' ' Cinema Romantico: What A Difference Sienna Would Make

Thursday, August 09, 2007

What A Difference Sienna Would Make

Ah yes, times are marvelous here at Cinema Romantico considering we're still in the early throes of our new Cinematic Crush on Sienna Miller. But we came to the unfortunate realization that we merely proclaimed said Crush and did not, in fact, celebrate it. Therefore a blogging soiree is in order.

After the announcement of the new Crush we were confronted by several readers who indicated they were unimpressed with Ms. Miller's work to this point and openly questioned our declaration. Get it straight, people, Sienna Miller is the Cinematic Crush and that is not changing. And has been established, the poor films to this point are not Sienna's fault. She's still waiting for more people to see the talent she truly and completely possesses (check out "Interview" if you want a glimpse). And that got us to thinking, what if Sienna's alluring presence had graced certain films from Hollywood past? How different would our cinematic landscape look? It turns out the answer is quite a bit.


If Sienna Miller's in “Armageddon” then animal crackers are still appetizing.

If Sienna Miller's in “Raiders of the Lost Ark” then Marion doesn’t win the shot contest.


If Sienna Miller's in "To Have and Have Not" then she doesn't ask for a match because she's already got one.

If Sienna Miller's in "Dirty Dancing: Havana Nights" then everyone remembers Jennifer Grey from "Bloodhounds of Broadway".

If Sienna Miller's in “Mr. and Mrs. Smith” then Mr. Smith doesn’t make it past the third reel.

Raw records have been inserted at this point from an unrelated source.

(* Let $\mathbf{B}_{t|t-1}$, $\mathbf{B}_{t|t}$, $\bm{\Lambda}_t$, $\mathbf{L}_t$ be defined as in the multi-resolution filter. Assume that $\mathbf{R}_t$ and $\mathbf{H}_t$ are block-diagonal with blocks corresponding to the finest subregions, i.e.: for $i \in \mathcal{I}_{i_1,\ldots,i_M}$ and $j \in \mathcal{I}_{j_1,\ldots,j_M}$, $\mathbf{R}_t[i,j]=0$ unless $(i_1,\ldots,i_M)=(j_1,\ldots,j_M)$; if $\mathbf{H}_t[i,j]\neq 0$ then $\mathbf{H}_t[i,k]=0$ for all $k\notin \mathcal{I}_{j_1,\ldots,j_M}$; and if $i_1,i_2\in\mathcal{I}_{j_1,\ldots,j_M}$ with $i_1<i_2$, then every $i_3$ with $i_1<i_3<i_2$ also lies in $\mathcal{I}_{j_1,\ldots,j_M}$. Then: 1. $\bm{\Lambda}_t \in \mathcal{S}(\mathbf{B}_{t|t-1}'\mathbf{B}_{t|t-1})$; 2. $\mathbf{L}_t \in \mathcal{S}(\bm{\Lambda}_t^L)$ and $\mathbf{L}_t^{-1} \in \mathcal{S}(\bm{\Lambda}_t^L)$; 3. $\mathbf{B}_{t|t} \in \mathcal{S}(\mathbf{B}_{t|t-1})$.
   Context: Linear Gaussian state-space model $\mathbf{y}_t=\mathbf{H}_t\mathbf{x}_t+\mathbf{v}_t$, $\mathbf{v}_t\sim\mathcal{N}(\mathbf{0},\mathbf{R}_t)$, $\mathbf{x}_t=\mathbf{A}_t\mathbf{x}_{t-1}+\mathbf{w}_t$, $\mathbf{w}_t\sim\mathcal{N}(\mathbf{0},\mathbf{Q}_t)$, with state on a grid of $n_\mathcal{G}$ points in a domain $\mathcal{D}$. The domain is recursively partitioned into $J$ subregions per level up to resolution $M$, giving regions $\mathcal{D}_{j_1,\ldots,j_m}$ with grid index sets $\mathcal{I}_{j_1,\ldots,j_m}$; knot sets $\mathcal{K}_{j_1,\ldots,j_m}\subset\mathcal{I}_{j_1,\ldots,j_m}$ of size $r_m$ partition $\{1,\ldots,n_\mathcal{G}\}$; grid elements are ordered lexicographically by finest region. The multi-resolution decomposition (MRD) of a covariance matrix $\bm{\Sigma}$ returns $\mathbf{B}=(\mathbf{B}^M,\ldots,\mathbf{B}^0)$ with $\mathbf{B}^m$ block-diagonal with blocks of size $|\mathcal{I}_{j_1,\ldots,j_m}|\times r_m$. In the multi-resolution filter, $\mathbf{B}_{t|t-1}=\mathrm{MRD}(\mathbf{A}_t\mathbf{B}_{t-1|t-1}\mathbf{B}_{t-1|t-1}'\mathbf{A}_t'+\mathbf{Q}_t)$, $\bm{\Lambda}_t=\mathbf{I}_{n_\mathcal{G}}+\mathbf{B}_{t|t-1}'\mathbf{H}_t'\mathbf{R}_t^{-1}\mathbf{H}_t\mathbf{B}_{t|t-1}$, $\mathbf{L}_t$ is the lower Cholesky triangle of $\bm{\Lambda}_t$, and $\mathbf{B}_{t|t}=\mathbf{B}_{t|t-1}(\mathbf{L}_t^{-1})'$. $\mathcal{S}(\mathbf{G})$ denotes the set of matrices whose structural zeros include those of $\mathbf{G}$; $\mathbf{G}^L$ is the lower triangle of $\mathbf{G}$. *)

From HB Require Import structures.
From mathcomp Require Import all_boot all_order all_algebra.
Set Implicit Arguments. Unset Strict Implicit. Unset Printing Implicit Defensive.
Import Order.TTheory GRing.Theory Num.Theory.
Local Open Scope ring_scope.

(* S(G): matrices whose zeros include the structural zeros of G. *)
Definition inS (R : ringType) (m n : nat) (A : 'M[R]_(m, n))
  (G : 'I_m -> 'I_n -> bool) : Prop :=
  forall i j, ~~ G i j -> A i j = 0.

Definition pat_tmul (m n : nat) (G : 'I_m -> 'I_n -> bool) : 'I_n -> 'I_n -> bool :=
  fun c d => [exists i, G i c && G i d].

Definition pat_lower (n : nat) (G : 'I_n -> 'I_n -> bool) : 'I_n -> 'I_n -> bool :=
  fun i j => G i j && (j <= i)%N.

Fixpoint lexle (J : nat) (s t : seq 'I_J) : bool :=
  match s, t with
  | [::], _ => true
  | _ :: _, [::] => false
  | x :: s', y :: t' => ((x < y)%N || ((x == y) && lexle s' t'))
  end.

(* Grid point i has finest region reg i = (j_1,...,j_M); its level-m region is
   take m (reg i).  Column c of B = (B^M,...,B^0) is a knot of the region
   creg c = (j_1,...,j_{clev c}) at resolution clev c.
   MRD structure of B: B[i,c] may be nonzero only if i lies in that region. *)
Definition mrd_pattern (J M n : nat) (reg : 'I_n -> M.-tuple 'I_J)
  (clev : 'I_n -> nat) (creg : 'I_n -> seq 'I_J) : 'I_n -> 'I_n -> bool :=
  fun i c => take (clev c) (reg i) == creg c.

(* The multi-resolution setup:
   - grid points ordered lexicographically by finest region;
   - every column's region address has length equal to its level, level <= M;
   - each region at resolution m has exactly r m knots (columns);
   - knots are grid points of their region, and the knot sets partition the grid
     (knot : column -> grid index is a bijection);
   - columns ordered as (B^M, ..., B^0), within B^m by region in lexicographic
     order (block-diagonal structure of B^m w.r.t. the lexicographic grid order). *)
Definition mr_setup (J M n : nat) (r : nat -> nat) (reg : 'I_n -> M.-tuple 'I_J)
  (clev : 'I_n -> nat) (creg : 'I_n -> seq 'I_J) (knot : 'I_n -> 'I_n) : Prop :=
  [/\ (forall i j : 'I_n, (i < j)%N -> lexle (reg i) (reg j)),
      (forall c, size (creg c) = clev c /\ (clev c <= M)%N),
      (forall (m : nat) (a : m.-tuple 'I_J), (m <= M)%N ->
          #|[set c | (clev c == m) && (creg c == tval a)]| = r m),
      bijective knot /\ (forall c, take (clev c) (reg (knot c)) = creg c)
    & (forall c d : 'I_n, (c < d)%N ->
          (clev d < clev c)%N || ((clev d == clev c) && lexle (creg c) (creg d)))].

Definition Lambda (R : comUnitRingType) (n p : nat) (B : 'M[R]_n)
  (H : 'M[R]_(p, n)) (Rt : 'M[R]_p) : 'M[R]_n :=
  1%:M + B^T *m H^T *m invmx Rt *m H *m B.

Definition is_lower_cholesky (R : realFieldType) (n : nat) (L Lam : 'M[R]_n) : Prop :=
  [/\ (forall i j : 'I_n, (i < j)%N -> L i j = 0),
      (forall i : 'I_n, 0 < L i i)
    & L *m L^T = Lam].

Definition spd (R : realFieldType) (p : nat) (A : 'M[R]_p) : Prop :=
  A^T = A /\ (forall v : 'cV[R]_p, v != 0 -> 0 < (v^T *m A *m v) ord0 ord0).

(* B'B has the pattern P = G'G, where G, the MRD pattern of B, is nested: a
   column at level l is supported on one level-l region, and the region of a
   finer column lies inside that of any coarser column it meets.  Since levels
   decrease along the column order (B^M, ..., B^0), P has no fill-in: P i k,
   P k j and k <= i give P i j.  Block-diagonality of H and R, hence of R^-1,
   makes H'R^-1 H block-diagonal in the finest regions, on which G depends, so
   Lambda inherits P.  Without fill-in, neither the column-wise Cholesky
   recursion nor forward substitution for L^-1 creates entries outside the
   lower triangle of P, and by nesting again B L^-T keeps the pattern G. *)

From HB Require Import structures.
From mathcomp Require Import all_boot all_order all_algebra.
Import Order.TTheory GRing.Theory Num.Theory.
Local Open Scope ring_scope.
Set Implicit Arguments.
Unset Strict Implicit.

Definition same_block (T : eqType) m n (f : 'I_m -> T) (g : 'I_n -> T) :
  'I_m -> 'I_n -> bool := fun i j => f i == g j.

Definition no_fill n (P : rel 'I_n) : Prop :=
  forall i j k : 'I_n, (k <= i)%N -> P i k -> P k j -> P i j.

Lemma ord_ltn_ind n (Q : 'I_n -> Prop) :
  (forall j : 'I_n, (forall k : 'I_n, (k < j)%N -> Q k) -> Q j) ->
  forall j, Q j.
Proof.
move=> step j; have [m] := ubnP j; elim: m j => // m IH j.
rewrite ltnS => le_jm; apply: step => k lt_kj.
exact/IH/(leq_trans lt_kj).
Qed.

Lemma inS_add1mx (R : nzRingType) n (X : 'M[R]_n) (P : rel 'I_n) :
  reflexive P -> inS X P -> inS (1%:M + X) P.
Proof.
move=> Prefl XP i j nPij; rewrite !mxE XP // addr0.
by case: eqVneq nPij => // ->; rewrite Prefl.
Qed.

Lemma inS_mulmx_tr (R : nzRingType) m n k (B : 'M[R]_(m, n)) (N : 'M[R]_(k, n))
    (G : 'I_m -> 'I_n -> bool) (Q : 'I_k -> 'I_n -> bool)
    (G' : 'I_m -> 'I_k -> bool) :
  (forall i c d, G i d -> Q c d -> G' i c) ->
  inS B G -> inS N Q -> inS (B *m N^T) G'.
Proof.
move=> GQ BG NQ i c nG'ic; rewrite mxE big1 // => d _; rewrite mxE.
have [Gid|nGid] := boolP (G i d); last by rewrite BG // mul0r.
have [Qcd|nQcd] := boolP (Q c d); last by rewrite NQ // mulr0.
by move: nG'ic; rewrite (GQ i c d).
Qed.

Lemma invmx_same_block (R : comUnitRingType) (T : eqType) p (f : 'I_p -> T)
    (A : 'M[R]_p) :
  inS A (same_block f f) -> inS (invmx A) (same_block f f).
Proof.
move=> Af i j; rewrite /same_block => nfij.
have [uA|nuA] := boolP (A \in unitmx); last by rewrite invmx_out ?inE // Af.
pose D := diag_mx (\row_k ((f k == f j)%:R : R)).
(* D projects onto the block of j; it commutes with A, hence with A^-1. *)
have DA : D *m A = A *m D.
  apply/matrixP => k l; rewrite mul_diag_mx mul_mx_diag !mxE.
  by case: (eqVneq (f k) (f l)) => [->|nkl]; [rewrite mulrC | rewrite Af // mulr0 mul0r].
have AiD : invmx A *m D = D *m invmx A.
  rewrite -[invmx A *m D]mulmx1 -(mulmxV uA) !mulmxA -(mulmxA _ D A) DA mulmxA.
  by rewrite (mulVmx uA) mul1mx.
have := congr1 (fun X : 'M[R]_p => X i j) AiD.
by rewrite /= mul_diag_mx mul_mx_diag !mxE eqxx (negbTE nfij) mulr1 mul0r.
Qed.

Lemma mulmx_tr_same_block (R : nzRingType) (T : eqType) p n (f : 'I_p -> T)
    (g : 'I_n -> T) (H : 'M[R]_(p, n)) (X : 'M[R]_p) :
  inS H (same_block f g) -> inS X (same_block f f) ->
  inS (H^T *m X *m H) (same_block g g).
Proof.
move=> Hfg Xf i j ngij; rewrite mxE big1 // => l _; rewrite mxE.
have [flj|nflj] := eqVneq (f l) (g j); last by rewrite Hfg ?nflj // mulr0.
rewrite big1 ?mul0r // => k _; rewrite mxE.
have [fki|nfki] := eqVneq (f k) (g i); last by rewrite Hfg ?nfki // mul0r.
by rewrite Xf ?mulr0 // /same_block fki flj.
Qed.

Lemma tmul_same_block_sparse (R : nzRingType) (T : eqType) m n (f : 'I_m -> T)
    (G : 'I_m -> 'I_n -> bool) (B : 'M[R]_(m, n)) (X : 'M[R]_m) :
  (forall i j c, f i = f j -> G i c = G j c) ->
  inS B G -> inS X (same_block f f) -> inS (B^T *m X *m B) (pat_tmul G).
Proof.
move=> Gf BG Xf c d nPcd; rewrite mxE big1 // => j _; rewrite mxE big_distrl.
rewrite big1 // => i _ /=; rewrite !mxE.
have [Gic|nGic] := boolP (G i c); last by rewrite (BG i c) // !mul0r.
have [Gjd|nGjd] := boolP (G j d); last by rewrite (BG j d) // mulr0.
have [fij|nfij] := eqVneq (f i) (f j); last by rewrite Xf ?nfij // mulr0 mul0r.
by case/existsP: nPcd; exists j; rewrite -(Gf i) ?Gic.
Qed.

Section NoFill.

Variables (F : fieldType) (n : nat) (P : rel 'I_n).
Hypothesis P_fill : no_fill P.

Lemma cholesky_factor_sparse (L A : 'M[F]_n) :
  symmetric P ->
  (forall i j : 'I_n, (i < j)%N -> L i j = 0) -> (forall i, L i i != 0) ->
  L *m L^T = A -> inS A P -> inS L (pat_lower P).
Proof.
move=> Psym Llow Ldiag LLt AP i j; elim/ord_ltn_ind: j i => j IH i nPij.
have [lt_ij|le_ji] := ltnP i j; first exact: Llow.
have nPij' : ~~ P i j by move: nPij; rewrite /pat_lower le_ji andbT.
have rowij : \sum_k L i k * L j k = 0.
  by rewrite -[RHS](AP i j nPij') -LLt mxE; apply: eq_bigr => k _; rewrite mxE.
rewrite (bigD1 j) //= big1 ?addr0 in rowij.
  by apply: (mulIf (Ldiag j)); rewrite mul0r.
move=> k nkj; have [lt_jk|le_kj] := ltnP j k; first by rewrite (Llow j k) ?mulr0.
have lt_kj : (k < j)%N by rewrite ltn_neqAle le_kj andbT.
have [Pik|nPik] := boolP (pat_lower P i k); last by rewrite (IH k lt_kj i) ?mul0r.
have [Pjk|nPjk] := boolP (pat_lower P j k); last by rewrite (IH k lt_kj j) ?mulr0.
case/andP: Pik => Pik le_ki; case/andP: Pjk => Pjk _.
by move: nPij'; rewrite (P_fill le_ki Pik) // Psym.
Qed.

Lemma lower_trig_unitmx (L : 'M[F]_n) :
  (forall i j : 'I_n, (i < j)%N -> L i j = 0) -> (forall i, L i i != 0) ->
  L \in unitmx.
Proof.
move=> Llow Ldiag; rewrite unitmxE det_trig; last exact/is_trig_mxP.
by rewrite unitfE; apply/prodf_neq0 => i _.
Qed.

Lemma invmx_lower_sparse (L : 'M[F]_n) :
  reflexive P -> inS L (pat_lower P) -> (forall i, L i i != 0) ->
  inS (invmx L) (pat_lower P).
Proof.
move=> Prefl LP Ldiag.
have Llow (i j : 'I_n) : (i < j)%N -> L i j = 0.
  by move=> lt_ij; rewrite LP // /pat_lower leqNgt lt_ij andbF.
have LN := mulmxV (lower_trig_unitmx Llow Ldiag).
move=> i j; elim/ord_ltn_ind: i j => i IH j nPij.
have nij : i != j by apply: contraNneq nPij => ->; rewrite /pat_lower Prefl leqnn.
have := congr1 (fun X : 'M[F]_n => X i j) LN; rewrite /= !mxE (negbTE nij).
rewrite (bigD1 i) //= big1 ?addr0 => [rowij|k nki].
  by apply: (mulfI (Ldiag i)); rewrite mulr0.
have [Pik|nPik] := boolP (pat_lower P i k); last by rewrite LP ?mul0r.
case/andP: Pik => Pik le_ki.
have lt_ki : (k < i)%N by rewrite ltn_neqAle le_ki andbT.
have [Pkj|nPkj] := boolP (pat_lower P k j); last by rewrite IH ?mulr0.
case/andP: Pkj => Pkj le_jk.
by move: nPij; rewrite /pat_lower (P_fill le_ki Pik Pkj) (leq_trans le_jk le_ki).
Qed.

End NoFill.

Lemma pat_tmul_sym m n (G : 'I_m -> 'I_n -> bool) : symmetric (pat_tmul G).
Proof.
by move=> c d; apply/existsP/existsP => -[g Gg]; exists g; rewrite andbC.
Qed.

Section MRDPattern.

Variables (J M n : nat) (reg : 'I_n -> M.-tuple 'I_J) (clev : 'I_n -> nat)
  (creg : 'I_n -> seq 'I_J).

Local Notation G := (mrd_pattern reg clev creg).

Lemma levels_nonincreasing :
  (forall c d : 'I_n, (c < d)%N ->
     (clev d < clev c)%N || ((clev d == clev c) && lexle (creg c) (creg d))) ->
  {homo clev : c d /~ (c <= d)%N}.
Proof.
move=> ord c d; rewrite leq_eqVlt => /orP[/eqP/val_inj-> //|/ord].
by case/orP => [/ltnW //|/andP[/eqP-> _]].
Qed.

Lemma mrd_pattern_refl (knot : 'I_n -> 'I_n) :
  (forall c, take (clev c) (reg (knot c)) = creg c) -> reflexive (pat_tmul G).
Proof.
by move=> knotP c; apply/existsP; exists (knot c); rewrite /mrd_pattern knotP eqxx.
Qed.

Lemma mrd_pattern_coarsen (i c d : 'I_n) :
  (clev c <= clev d)%N -> G i d -> pat_tmul G c d -> G i c.
Proof.
rewrite /pat_tmul /mrd_pattern => le_cd /eqP Gid /existsP[g /andP[/eqP Ggc /eqP Ggd]].
by rewrite -(take_takel _ le_cd) Gid -Ggd take_takel // Ggc.
Qed.

Lemma mrd_no_fill :
  {homo clev : c d /~ (c <= d)%N} -> no_fill (pat_tmul G).
Proof.
move=> clev_homo i j k le_ki Pik /existsP[g /andP[Ggk Ggj]].
apply/existsP; exists g; rewrite Ggj andbT.
exact: mrd_pattern_coarsen (clev_homo _ _ le_ki) Ggk Pik.
Qed.

End MRDPattern.

Theorem proposition3
  (R : realFieldType) (J M n p : nat) (r : nat -> nat)
  (reg : 'I_n -> M.-tuple 'I_J) (clev : 'I_n -> nat) (creg : 'I_n -> seq 'I_J)
  (knot : 'I_n -> 'I_n)
  (obsreg : 'I_p -> M.-tuple 'I_J)
  (Bpred : 'M[R]_n) (H : 'M[R]_(p, n)) (Rt : 'M[R]_p) (L : 'M[R]_n) :
  mr_setup r reg clev creg knot ->
  (* B_{t|t-1} is the output of an MRD: block structure of (B^M,...,B^0) *)
  inS Bpred (mrd_pattern reg clev creg) ->
  (* R_t is a covariance matrix *)
  spd Rt ->
  (* observations are grouped by finest region, contiguously *)
  (forall i1 i2 i3 : 'I_p, (i1 < i3)%N -> (i3 < i2)%N ->
      obsreg i1 = obsreg i2 -> obsreg i3 = obsreg i1) ->
  (* R_t block-diagonal w.r.t. finest subregions *)
  (forall i j : 'I_p, obsreg i != obsreg j -> Rt i j = 0) ->
  (* H_t block-diagonal w.r.t. finest subregions *)
  (forall (i : 'I_p) (j : 'I_n), obsreg i != reg j -> H i j = 0) ->
  is_lower_cholesky L (Lambda Bpred H Rt) ->
  [/\ inS (Lambda Bpred H Rt) (pat_tmul (mrd_pattern reg clev creg)),
      inS L (pat_lower (pat_tmul (mrd_pattern reg clev creg))),
      inS (invmx L) (pat_lower (pat_tmul (mrd_pattern reg clev creg)))
    & inS (Bpred *m (invmx L)^T) (mrd_pattern reg clev creg)].
Proof.
move=> [_ _ _ [_ knotP] ord] BG _ _ Rblock Hblock [Llow Lpos LLt].
set G := mrd_pattern reg clev creg.
have clev_homo := levels_nonincreasing ord.
have Prefl : reflexive (pat_tmul G) := mrd_pattern_refl knotP.
have Pfill : no_fill (pat_tmul G) := mrd_no_fill clev_homo.
have Ldiag i : L i i != 0 by rewrite lt0r_neq0.
have LambdaP : inS (Lambda Bpred H Rt) (pat_tmul G).
  have -> : Lambda Bpred H Rt = 1%:M + Bpred^T *m (H^T *m invmx Rt *m H) *m Bpred.
    by rewrite /Lambda !mulmxA.
  apply: inS_add1mx => //.
  apply: (tmul_same_block_sparse (f := reg)) BG _ => [i j c fij|].
    by rewrite /mrd_pattern fij.
  exact: mulmx_tr_same_block Hblock (invmx_same_block Rblock).
have LP := cholesky_factor_sparse Pfill (pat_tmul_sym _) Llow Ldiag LLt LambdaP.
have NP := invmx_lower_sparse Pfill Prefl LP Ldiag.
split=> //; apply: inS_mulmx_tr BG NP => i c d Gid /andP[Pcd le_dc].
exact: mrd_pattern_coarsen (clev_homo _ _ le_dc) Gid Pcd.
Qed.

If Sienna Miller's in “The Blair Witch Project” then ding! dong! the witch is dead.

If Sienna Miller's in "Dante's Peak" then it's the best movie about an erupting volcano ever.

If Sienna Miller's in “Swing Time” then Fred Astaire’s got a new dance partner.

If Sienna Miller's in “The Devil Wears Prada” then Meryl Streep ends up floating face down in the East River.

If Sienna Miller's in “The Last Kiss” then Zach Braff is still sitting on the porch.

If Sienna Miller's in "The Cannonball Run" then guess what, Adrienne Barbeau? You lose.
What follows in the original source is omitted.